И кузнец сразу же осознал свою неправоту, извинился, сославшись на забывчивость, и по дороге в злачное место в ушах его звенел ее нежный, как перелив серебряного колокольчика, смех, а перед глазами маячило то, что он увидел под дорогой, расшитой плахтой. Эх, жизнь! Ничто не приходит на тарелочке с голубой каемочкой, все надобно выгрызать, да еще как! А женщины, неужели и в самом деле им имя вероломство, или это касается и сильного пола? Как тут рассудить? Назар, например, не знал, но на радостях, что у него теперь так много заказов, выпил больше, чем всегда, и когда проснулся на следующее утро, то мог вспомнить лишь то, что домой путешествовал он на шустрой зеленоглазой и черной как смоль свинье, которая у него что-то просила, а он от нее отбивался, как мог, но и та не шла на попятный двор, и от поездки на ней его укачало, как на корабле, и он возвратил перед домом в окружающую среду все, что съел и выпил, и утром проснулся хотя и с головной болью, но трезвый и голодный и готовый к приему болтливых клиенток. Так у него теперь и повелось – утром он снимал размеры и записывал на больших коричневых листах (ему подарила их целую пачку клиентка – продавщица из сельпо), а по вечерам мастерил пояса, потребность в которых, очевидно, постоянно возрастала, и ему казалось, что скоро в селе все, кроме Козьей Бабушки, будут носить его суровые изделия. Приходили иногда, правда, и мужики. Некоторые жаловались на то, что он дерет с их супружниц втридорога, а некоторые просили выгравировать на поясе какую-нибудь игривую надпись или рисунок, на что кузнец отвечал, что он занят серьезным делом – спасает от соседей генофонд села, но когда видел перед собой несколько смятых «портретов», то никак не мог устоять перед соблазном и скоро заказчики стали соревноваться друг перед другом в качестве подкладок, гравировках, в надписях и тому подобном вздоре. Назар просто диву давался. Ведь произведение рук его предназначалось одной только даме – так перед кем ей задирать нос, если этот интимный предмет туалета предназначается для одних только глаз – мужниных.
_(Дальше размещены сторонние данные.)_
Lemma sum_deg_nonadjacent_le :
  \sum_x deg e x + 2 * \sum_(x in C) #|S :\: nbhd e x| <=
  \sum_(u in S) #|nbhd e u :&: S| + 2 * (#|C| * #|S|) + 4 * (#|A :\: B| * #|S|)
  + 2 * (#|A :\: B| * #|A :\: B|).
Proof.
set t := #|A :\: B|.
have CW : C \subset W by apply: subset_trans (subsetIl A B) (subsetUl A B).
have card_WC : #|W :\: C| = 2 * t.
  have : #|A| = #|B| := dab.
  by have := cardsID C W; have := cardsUI A B; have := cardsID B A; rewrite (setIidPr CW); lia.
have sum_WS : \sum_(v in W) #|nbhd e v :&: S| + \sum_(x in C) #|S :\: nbhd e x|
              <= #|C| * #|S| + 2 * t * #|S|.
  rewrite (big_setID C) /= (setIidPr CW) addnAC -big_split /= -card_WC -!sum_nat_const.
  apply: leq_add; first by rewrite eq_leq //; apply: eq_bigr => v _; rewrite setIC cardsID.
  by apply: leq_sum => v _; apply/subset_leq_card/subsetIr.
have sum_WW : \sum_(v in W) #|nbhd e v :&: W| <= 2 * t * t.
  rewrite (big_setID C) /= (setIidPr CW) big1 => [|v vC]; last first.
    by apply/eqP; rewrite cards_eq0 setI_eq0 disjoints_subset; apply: common_nbhd_sub.
  by rewrite add0n -card_WC -sum_nat_const; apply: leq_sum => v; apply: private_nbhd_card.
rewrite (sum_deg_split e_sym W); lia.
Qed.

Lemma nonadjacent_bipartite :
  #|A :\: B| = 0 -> \sum_(x in C) #|S :\: nbhd e x| = 0 ->
  \sum_(u in S) #|nbhd e u :&: S| = 0 ->
  forall x y, e x y = (x \in C) (+) (y \in C).
Proof.
move=> /eqP; rewrite cards_eq0 setD_eq0 => sAB.
have /eqP : #|B :\: A| = 0 by rewrite -card_private; apply/eqP; rewrite cards_eq0 setD_eq0.
rewrite cards_eq0 setD_eq0 => sBA.
have S_C x : (x \in S) = (x \notin C).
  have AB : A = B by apply/eqP; rewrite eqEsubset sAB sBA.
  by rewrite in_setC AB setUid setIid.
move=> /eqP; rewrite sum_nat_eq0 => /forall_inP C_S_full.
move=> /eqP; rewrite sum_nat_eq0 => /forall_inP S_indep.
have C_S_edge x y : x \in C -> y \notin C -> e x y.
  move=> /C_S_full; rewrite cards_eq0 => /eqP/setP/(_ y).
  by rewrite in_setD in_set0 in_nbhd S_C => + yC; rewrite yC andbT => /negbFE.
move=> x y; case: (boolP (x \in C)) => xC; case: (boolP (y \in C)) => yC /=.
- apply: contraNF (common_notin_outside yC); rewrite -in_nbhd; apply/subsetP.
  exact: common_nbhd_sub.
- exact: C_S_edge.
- by rewrite e_sym; apply: C_S_edge.
- have /S_indep : x \in S by rewrite S_C.
  rewrite cards_eq0 => /eqP/setP/(_ y).
  by rewrite in_setI in_set0 in_nbhd S_C yC andbT.
Qed.

Lemma nonadjacent_equal_deg_gt n : #|T| = 2 * n ->
  2 * (n ^ 2 - 1) <= \sum_x deg e x -> n < deg e a ->
  deg e a = n.+1 /\ graph_iso e (Kbip (n + 1) (n - 1)).
Proof.
move=> card_T sum_deg deg_gt.
have deg_a : deg e a = #|C| + #|A :\: B| := esym (cardsID B A).
have card_T_split : #|S| + #|C| + 2 * #|A :\: B| = 2 * n.
  have : #|A| = #|B| := dab.
  by have := cardsC W; have := cardsUI A B; have := cardsID B A; lia.
have card_SC : #|S| + 2 <= #|C| by lia.
have equal_nonnbhd_no_path3 : {in C &, forall x y, x != y ->
    #|S :\: nbhd e x| = #|S :\: nbhd e y| -> ~~ path3 e x y}.
  move=> x y xC yC xy dxy; apply: no_path3 xy _.
  by have := deg_common xC; have := deg_common yC; lia.
have inner := sum_inner_deg_eq0_or_lt common_notin_outside card_SC equal_nonnbhd_no_path3.
have count := leq_trans (leq_add sum_deg (leqnn _)) sum_deg_nonadjacent_le.
rewrite deg_a in deg_gt.
have [card_C t0 M0 Sd0] := degree_count_arith card_T_split deg_gt count inner.
split; first by lia.
have card_CC : #|~: C| = n - 1 by have := cardsC C; lia.
by rewrite addn1 -card_C -card_CC; apply/graph_iso_Kbip/nonadjacent_bipartite.
Qed.

End Nonadjacent.

End EqualDegreePath3Free.

Theorem lemma3p1 (n : nat) (T : finType) (e : rel T) (beta : nat) :
  3 <= n ->
  simple_graph e ->
  #|T| = 2 * n ->
  n ^ 2 - 1 <= #|edges e| ->
  (forall a b : T, a != b -> deg e a = deg e b -> ~~ path3 e a b) ->
  (exists a b : T, [/\ a != b, deg e a = beta & deg e b = beta]) ->
  (forall a b : T, a != b -> deg e a = deg e b -> deg e a <= beta) ->
  beta <= n + 1 /\ (beta = n + 1 -> graph_iso e (Kbip (n + 1) (n - 1))).
Proof.
move=> _ [e_sym e_irr] card_T card_E no_path3 [a [b [ab <- db]]] _.
have dab : deg e a = deg e b by rewrite db.
have sum_deg : 2 * (n ^ 2 - 1) <= \sum_x deg e x.
  by apply: leq_trans (double_card_edges_le e_sym e_irr); rewrite leq_mul2l card_E orbT.
case: (boolP (e a b)) => [eab | nab].
  have := adjacent_equal_deg_le e_sym e_irr no_path3 ab eab dab.
  by rewrite card_T => deg_le; split=> [|deg_eq]; lia.
have [deg_le | deg_gt] := leqP (deg e a) n; first by split=> [|deg_eq]; lia.
have [deg_eq iso] := nonadjacent_equal_deg_gt e_sym e_irr no_path3 ab nab dab card_T sum_deg deg_gt.
by split=> [|//]; lia.
Qed.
Но к этой теме мы еще обязательно возвратимся. А сейчас мы должны рассказать о том, как именно Наталка обнаружила Грицька.
А дело было вот как. Бедолашный Грицько уже почти задохнулся среди пронафталининых бюстгальтеров и юбок, но никак не мог заставить себя подать сигнал тревоги, потому что опасался, что подозрительная Наталка вряд ли поверит в то, что он оказался в Гапкином шкафу в процессе погони за матерым, особо опасным преступником. А почему он еще мог оказаться в шкафу? Мысли его, и так обычно неспешные, под воздействием испарений нафталина еще замедлились и двигались в его сером веществе катастрофически медленно, как перегревшиеся на солнышке черепахи. И не мог он придумать ничего путного, не мог! Но тут подобно тому, как яркая молния прорезает ночное небо и освещает черный лес, да так, что каждая маленькая веточка становится видна как на ладони, так и внезапная догадка поразила Грицька и он яростно забарабанил в дверцу шкафа. И когда изумленная Наталка подняла с пола ключ, открыла шкаф и увидела своего багрового от духоты Грицька да еще со Светулиным лифчиком на голове вместо панамки, он торжествующе закричал:
– Так и знал! Так и знал, что ты сюда придешь! И ты пришла! Ах, как я был прав! Неужели тебе нужен этот мерзкий сосед, который завелся у Гапки под полом? И как ты до этого дошла, ума не приложу…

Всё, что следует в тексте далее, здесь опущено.